# EXERCISE GOAL
The data must be returned in full and exactly as given.
BEGIN SOURCE MATERIAL
(* Consider algorithm PredFL processing a demand $x$ with prediction $\hat f_x$ such that $d(x,\hat f_x)\le f$, and suppose that at that moment the nearest open facility $f_{open}$ to $x$ satisfies $r_x:=d(\hat f_x,f_{open})\le f$. Let $\mathrm{cost}_x$ denote the facility-opening cost incurred while processing $x$ plus the connection cost of $x$, where $x$ is connected to $\hat f_x$ if a facility is opened there and to $f_{open}$ otherwise. Then $$\mathbb E[\mathrm{cost}_x]\le d^*(x)+r_x+\frac{r_x}{f}\,\eta_x+\Bigl(1-\frac{r_x}{f}\Bigr)\eta_{open},$$ where $d^*(x)=d(x,c^*_x)$, $\eta_x=d(\hat f_x,c^*_x)$ and $\eta_{open}=d(f_{open},c^*_x)$.
   Context: Online Facility Location with uniform facility cost $f>0$ in a metric space $(\mathcal M,d)$; a fixed optimal offline solution assigns each demand $x$ to an optimal facility $c^*_x$. Algorithm PredFL: maintain the set $\mathcal O$ of open facilities; when demand $x$ with prediction $\hat f_x$ arrives, let $f_{open}=\arg\min_{j\in\mathcal O}d(x,j)$; if $d(x,\hat f_x)>f$ open a facility at $x$; otherwise, with $r_x=d(f_{open},\hat f_x)$, open a facility at $\hat f_x$ with probability $\min\{1,r_x/f\}$. *)

From mathcomp Require Import all_boot all_order all_algebra.
Set Implicit Arguments. Unset Strict Implicit. Unset Printing Implicit Defensive.
Import Order.TTheory GRing.Theory Num.Theory.
Local Open Scope ring_scope.

Definition is_metric (R : realFieldType) (M : Type) (d : M -> M -> R) : Prop :=
  [/\ forall x y, 0 <= d x y,
      forall x y, d x y = 0 <-> x = y,
      forall x y, d x y = d y x
    & forall x y z, d x z <= d x y + d y z].

(* Offline facility location with uniform opening cost f.
   A solution is a finite set of open facilities S (a seq, duplicates ignored)
   together with an assignment sigma of demands to facilities. *)
Definition offline_feasible (M : eqType) (demands S : seq M) (sigma : M -> M) :=
  all (fun y => sigma y \in S) demands.

Definition offline_cost (R : realFieldType) (M : eqType) (d : M -> M -> R)
  (f : R) (demands S : seq M) (sigma : M -> M) : R :=
  f * (size (undup S))%:R + \sum_(y <- demands) d y (sigma y).

Definition offline_optimal (R : realFieldType) (M : eqType) (d : M -> M -> R)
  (f : R) (demands S : seq M) (sigma : M -> M) : Prop :=
  offline_feasible demands S sigma /\
  forall S' sigma', offline_feasible demands S' sigma' ->
    offline_cost d f demands S sigma <= offline_cost d f demands S' sigma'.

(* The random choice is a Bernoulli coin
   [opened] with success probability p = min(1, r_x / f), r_x = d(fopen, fhat).
   [predfl_step_cost ... opened] is the opening cost plus connection cost of x
   given the outcome of the coin; the expected cost averages over the coin. *)
Definition predfl_open_prob (R : realFieldType) (M : Type) (d : M -> M -> R)
  (f : R) (fhat fopen : M) : R :=
  Num.min 1 (d fopen fhat / f).

Definition predfl_step_cost (R : realFieldType) (M : Type) (d : M -> M -> R)
  (f : R) (x fhat fopen : M) (opened : bool) : R :=
  if f < d x fhat then f (* facility opened at x itself, connection cost 0 *)
  else if opened then f + d x fhat else d x fopen.

Definition predfl_expected_cost (R : realFieldType) (M : Type) (d : M -> M -> R)
  (f : R) (x fhat fopen : M) : R :=
  if f < d x fhat then f
  else let p := predfl_open_prob d f fhat fopen in
       p * predfl_step_cost d f x fhat fopen true
       + (1 - p) * predfl_step_cost d f x fhat fopen false.

From mathcomp Require Import all_boot all_order all_algebra.
From mathcomp Require Import ring lra.
Import Order.TTheory GRing.Theory Num.Theory.
Local Open Scope ring_scope.

(* When d(x, fhat) <= f, PredFL does not open at x; it flips a
   coin with success probability p = min(1, r/f), which equals r/f because
   r = d(fhat, fopen) <= f.  Hence the expected cost is
     p (f + d(x, fhat)) + (1 - p) d(x, fopen)
       = r + p d(x, fhat) + (1 - p) d(x, fopen),
   using p f = r.  Routing both connections through the optimal facility
   c = sigma x by the triangle inequality, and averaging with the convex
   weights p, 1 - p, bounds the last two terms by
     d(x, c) + p d(fhat, c) + (1 - p) d(fopen, c). *)

Lemma convex_comb_le {R : realFieldType} {p a a' b b' : R} :
  0 <= p <= 1 -> a <= a' -> b <= b' ->
  p * a + (1 - p) * b <= p * a' + (1 - p) * b'.
Proof.
move=> /andP[p_ge0 p_le1] le_a le_b.
have q_ge0 : 0 <= 1 - p by rewrite subr_ge0.
by rewrite lerD // ler_wpM2l.
Qed.

Section MetricFacts.
Context {R : realFieldType} {M : Type} {d : M -> M -> R}.
Hypothesis d_metric : is_metric d.

Lemma metric_sym (y z : M) : d y z = d z y.
Proof. by case: d_metric => _ _ dsym _; apply: dsym. Qed.

(* Triangle inequality through a third point c, with both distances
   measured towards c, as the paper's d*(x), eta_x and eta_open are. *)
Lemma metric_via (y z c : M) : d y z <= d y c + d z c.
Proof. by case: d_metric => _ _ _ dtri; rewrite (metric_sym z c). Qed.

Lemma predfl_open_prob_small (f : R) (fhat fopen : M) :
  0 < f -> d fhat fopen <= f ->
  predfl_open_prob d f fhat fopen = d fhat fopen / f.
Proof.
move=> f_gt0 r_le_f; rewrite /predfl_open_prob (metric_sym fopen fhat).
by apply/min_idPr; rewrite ler_pdivrMr // mul1r.
Qed.

Lemma predfl_ratio_unit {f : R} {fhat fopen : M} :
  0 < f -> d fhat fopen <= f -> 0 <= d fhat fopen / f <= 1.
Proof.
case: d_metric => d_ge0 _ _ _ f_gt0 r_le_f.
rewrite ler_pdivrMr // mul1r r_le_f andbT.
by rewrite divr_ge0 // ltW.
Qed.

End MetricFacts.

Lemma predfl_expected_cost_near (R : realFieldType) (M : Type)
    (d : M -> M -> R) (f : R) (x fhat fopen : M) :
  d x fhat <= f ->
  let p := predfl_open_prob d f fhat fopen in
  predfl_expected_cost d f x fhat fopen
    = p * (f + d x fhat) + (1 - p) * d x fopen.
Proof.
by move=> near; rewrite /predfl_expected_cost /predfl_step_cost ltNge near.
Qed.

Theorem mainTheorem4 (R : realFieldType) (M : eqType) (d : M -> M -> R) (f : R)
  (demands : seq M) (Sopt : seq M) (sigma : M -> M)
  (O : seq M) (x fhat fopen : M) :
  is_metric d -> 0 < f ->
  offline_optimal d f demands Sopt sigma ->
  x \in demands ->
  fopen \in O -> (forall j, j \in O -> d x fopen <= d x j) ->
  d x fhat <= f ->
  d fhat fopen <= f ->
  let r := d fhat fopen in
  let c := sigma x in
  predfl_expected_cost d f x fhat fopen
    <= d x c + r + r / f * d fhat c + (1 - r / f) * d fopen c.
Proof.
move=> d_metric f_gt0 _ _ _ _ near r_le_f /=.
set r := d fhat fopen; set c := sigma x.
rewrite predfl_expected_cost_near //= predfl_open_prob_small //.
have p_unit := predfl_ratio_unit d_metric f_gt0 r_le_f.
have pf_r : r / f * f = r by rewrite divfK // gt_eqF.
have routed := convex_comb_le p_unit
  (metric_via d_metric x fhat c) (metric_via d_metric x fopen c).
rewrite mulrDr pf_r.
set p := r / f in routed *.
have split_dxc : p * (d x c + d fhat c) + (1 - p) * (d x c + d fopen c)
    = d x c + p * d fhat c + (1 - p) * d fopen c by ring.
lra.
Qed.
END SOURCE MATERIAL
# EXERCISE SOLUTION
(* Consider algorithm PredFL processing a demand $x$ with prediction $\hat f_x$ such that $d(x,\hat f_x)\le f$, and suppose that at that moment the nearest open facility $f_{open}$ to $x$ satisfies $r_x:=d(\hat f_x,f_{open})\le f$. Let $\mathrm{cost}_x$ denote the facility-opening cost incurred while processing $x$ plus the connection cost of $x$, where $x$ is connected to $\hat f_x$ if a facility is opened there and to $f_{open}$ otherwise. Then $$\mathbb E[\mathrm{cost}_x]\le d^*(x)+r_x+\frac{r_x}{f}\,\eta_x+\Bigl(1-\frac{r_x}{f}\Bigr)\eta_{open},$$ where $d^*(x)=d(x,c^*_x)$, $\eta_x=d(\hat f_x,c^*_x)$ and $\eta_{open}=d(f_{open},c^*_x)$.
   Context: Online Facility Location with uniform facility cost $f>0$ in a metric space $(\mathcal M,d)$; a fixed optimal offline solution assigns each demand $x$ to an optimal facility $c^*_x$. Algorithm PredFL: maintain the set $\mathcal O$ of open facilities; when demand $x$ with prediction $\hat f_x$ arrives, let $f_{open}=\arg\min_{j\in\mathcal O}d(x,j)$; if $d(x,\hat f_x)>f$ open a facility at $x$; otherwise, with $r_x=d(f_{open},\hat f_x)$, open a facility at $\hat f_x$ with probability $\min\{1,r_x/f\}$. *)

From mathcomp Require Import all_boot all_order all_algebra.
Set Implicit Arguments. Unset Strict Implicit. Unset Printing Implicit Defensive.
Import Order.TTheory GRing.Theory Num.Theory.
Local Open Scope ring_scope.

Definition is_metric (R : realFieldType) (M : Type) (d : M -> M -> R) : Prop :=
  [/\ forall x y, 0 <= d x y,
      forall x y, d x y = 0 <-> x = y,
      forall x y, d x y = d y x
    & forall x y z, d x z <= d x y + d y z].

(* Offline facility location with uniform opening cost f.
   A solution is a finite set of open facilities S (a seq, duplicates ignored)
   together with an assignment sigma of demands to facilities. *)
Definition offline_feasible (M : eqType) (demands S : seq M) (sigma : M -> M) :=
  all (fun y => sigma y \in S) demands.

Definition offline_cost (R : realFieldType) (M : eqType) (d : M -> M -> R)
  (f : R) (demands S : seq M) (sigma : M -> M) : R :=
  f * (size (undup S))%:R + \sum_(y <- demands) d y (sigma y).

Definition offline_optimal (R : realFieldType) (M : eqType) (d : M -> M -> R)
  (f : R) (demands S : seq M) (sigma : M -> M) : Prop :=
  offline_feasible demands S sigma /\
  forall S' sigma', offline_feasible demands S' sigma' ->
    offline_cost d f demands S sigma <= offline_cost d f demands S' sigma'.

(* The random choice is a Bernoulli coin
   [opened] with success probability p = min(1, r_x / f), r_x = d(fopen, fhat).
   [predfl_step_cost ... opened] is the opening cost plus connection cost of x
   given the outcome of the coin; the expected cost averages over the coin. *)
Definition predfl_open_prob (R : realFieldType) (M : Type) (d : M -> M -> R)
  (f : R) (fhat fopen : M) : R :=
  Num.min 1 (d fopen fhat / f).

Definition predfl_step_cost (R : realFieldType) (M : Type) (d : M -> M -> R)
  (f : R) (x fhat fopen : M) (opened : bool) : R :=
  if f < d x fhat then f (* facility opened at x itself, connection cost 0 *)
  else if opened then f + d x fhat else d x fopen.

Definition predfl_expected_cost (R : realFieldType) (M : Type) (d : M -> M -> R)
  (f : R) (x fhat fopen : M) : R :=
  if f < d x fhat then f
  else let p := predfl_open_prob d f fhat fopen in
       p * predfl_step_cost d f x fhat fopen true
       + (1 - p) * predfl_step_cost d f x fhat fopen false.

From mathcomp Require Import all_boot all_order all_algebra.
From mathcomp Require Import ring lra.
Import Order.TTheory GRing.Theory Num.Theory.
Local Open Scope ring_scope.

(* When d(x, fhat) <= f, PredFL does not open at x; it flips a
   coin with success probability p = min(1, r/f), which equals r/f because
   r = d(fhat, fopen) <= f.  Hence the expected cost is
     p (f + d(x, fhat)) + (1 - p) d(x, fopen)
       = r + p d(x, fhat) + (1 - p) d(x, fopen),
   using p f = r.  Routing both connections through the optimal facility
   c = sigma x by the triangle inequality, and averaging with the convex
   weights p, 1 - p, bounds the last two terms by
     d(x, c) + p d(fhat, c) + (1 - p) d(fopen, c). *)

Lemma convex_comb_le {R : realFieldType} {p a a' b b' : R} :
  0 <= p <= 1 -> a <= a' -> b <= b' ->
  p * a + (1 - p) * b <= p * a' + (1 - p) * b'.
Proof.
move=> /andP[p_ge0 p_le1] le_a le_b.
have q_ge0 : 0 <= 1 - p by rewrite subr_ge0.
by rewrite lerD // ler_wpM2l.
Qed.

Section MetricFacts.
Context {R : realFieldType} {M : Type} {d : M -> M -> R}.
Hypothesis d_metric : is_metric d.

Lemma metric_sym (y z : M) : d y z = d z y.
Proof. by case: d_metric => _ _ dsym _; apply: dsym. Qed.

(* Triangle inequality through a third point c, with both distances
   measured towards c, as the paper's d*(x), eta_x and eta_open are. *)
Lemma metric_via (y z c : M) : d y z <= d y c + d z c.
Proof. by case: d_metric => _ _ _ dtri; rewrite (metric_sym z c). Qed.

Lemma predfl_open_prob_small (f : R) (fhat fopen : M) :
  0 < f -> d fhat fopen <= f ->
  predfl_open_prob d f fhat fopen = d fhat fopen / f.
Proof.
move=> f_gt0 r_le_f; rewrite /predfl_open_prob (metric_sym fopen fhat).
by apply/min_idPr; rewrite ler_pdivrMr // mul1r.
Qed.

Lemma predfl_ratio_unit {f : R} {fhat fopen : M} :
  0 < f -> d fhat fopen <= f -> 0 <= d fhat fopen / f <= 1.
Proof.
case: d_metric => d_ge0 _ _ _ f_gt0 r_le_f.
rewrite ler_pdivrMr // mul1r r_le_f andbT.
by rewrite divr_ge0 // ltW.
Qed.

End MetricFacts.

Lemma predfl_expected_cost_near (R : realFieldType) (M : Type)
    (d : M -> M -> R) (f : R) (x fhat fopen : M) :
  d x fhat <= f ->
  let p := predfl_open_prob d f fhat fopen in
  predfl_expected_cost d f x fhat fopen
    = p * (f + d x fhat) + (1 - p) * d x fopen.
Proof.
by move=> near; rewrite /predfl_expected_cost /predfl_step_cost ltNge near.
Qed.

Theorem mainTheorem4 (R : realFieldType) (M : eqType) (d : M -> M -> R) (f : R)
  (demands : seq M) (Sopt : seq M) (sigma : M -> M)
  (O : seq M) (x fhat fopen : M) :
  is_metric d -> 0 < f ->
  offline_optimal d f demands Sopt sigma ->
  x \in demands ->
  fopen \in O -> (forall j, j \in O -> d x fopen <= d x j) ->
  d x fhat <= f ->
  d fhat fopen <= f ->
  let r := d fhat fopen in
  let c := sigma x in
  predfl_expected_cost d f x fhat fopen
    <= d x c + r + r / f * d fhat c + (1 - r / f) * d fopen c.
Proof.
move=> d_metric f_gt0 _ _ _ _ near r_le_f /=.
set r := d fhat fopen; set c := sigma x.
rewrite predfl_expected_cost_near //= predfl_open_prob_small //.
have p_unit := predfl_ratio_unit d_metric f_gt0 r_le_f.
have pf_r : r / f * f = r by rewrite divfK // gt_eqF.
have routed := convex_comb_le p_unit
  (metric_via d_metric x fhat c) (metric_via d_metric x fopen c).
rewrite mulrDr pf_r.
set p := r / f in routed *.
have split_dxc : p * (d x c + d fhat c) + (1 - p) * (d x c + d fopen c)
    = d x c + p * d fhat c + (1 - p) * d fopen c by ring.
lra.
Qed.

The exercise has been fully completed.